____ WORKING DATA

Lemma outdeg_in_le S S' X x : {in S, forall y, E x y -> y \in S' :|: X} ->
  outdeg_in S x <= outdeg_in S' x + #|X|.
Proof.
move=> outS; apply: leq_trans (leq_card_setU _ X).1.
apply: subset_leq_card; apply/subsetP => y; rewrite !inE => /andP[yS Exy].
by have := outS y yS Exy; rewrite !inE Exy andbT.
Qed.

Lemma sink_strong_component (D : {set V}) : D != set0 ->
  exists X : {set V}, [/\ X != set0, X \subset D,
    {in X & D, forall z w, E z w -> w \in X} &
    {in X &, forall y z, connect (induced X) y z}].
Proof.
case/set0Pn => x0 x0D.
pose reach x := [set y | connect (induced D) x y].
have reach_trans x y z : y \in reach x -> z \in reach y -> z \in reach x.
  by rewrite !inE; apply: connect_trans.
(* Every vertex reached from a vertex with fewest reachable vertices reaches it back. *)
case: (arg_minnP (fun x => #|reach x|) x0D) => x xD min_x.
have reachD : reach x \subset D.
  by apply/subsetP => y; rewrite inE; apply: connect_induced_mem.
have closed_x z w : z \in reach x -> induced D z w -> w \in reach x.
  by move=> xz /connect1 zw; apply: (reach_trans x z) xz _; rewrite inE.
exists (reach x); split=> //.
- by apply/set0Pn; exists x; rewrite inE.
- move=> z w xz wD Ezw; apply: (closed_x z w xz).
  by rewrite /induced wD Ezw (subsetP reachD z xz).
move=> y z xy xz; apply: (connect_induced_closed closed_x xy).
have /eqP reach_y : reach y == reach x.
  rewrite eqEcard min_x ?andbT; last exact: (subsetP reachD y xy).
  by apply/subsetP => w; apply: reach_trans.
by move: xz; rewrite -reach_y inE.
Qed.

Hypothesis E_irr : irreflexive E.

________

EXERCISE OBJECTIVE — Using the entries above, state the number of lines that include "exists". Add nothing else.

SOLUTION FOR THIS EXERCISE — 3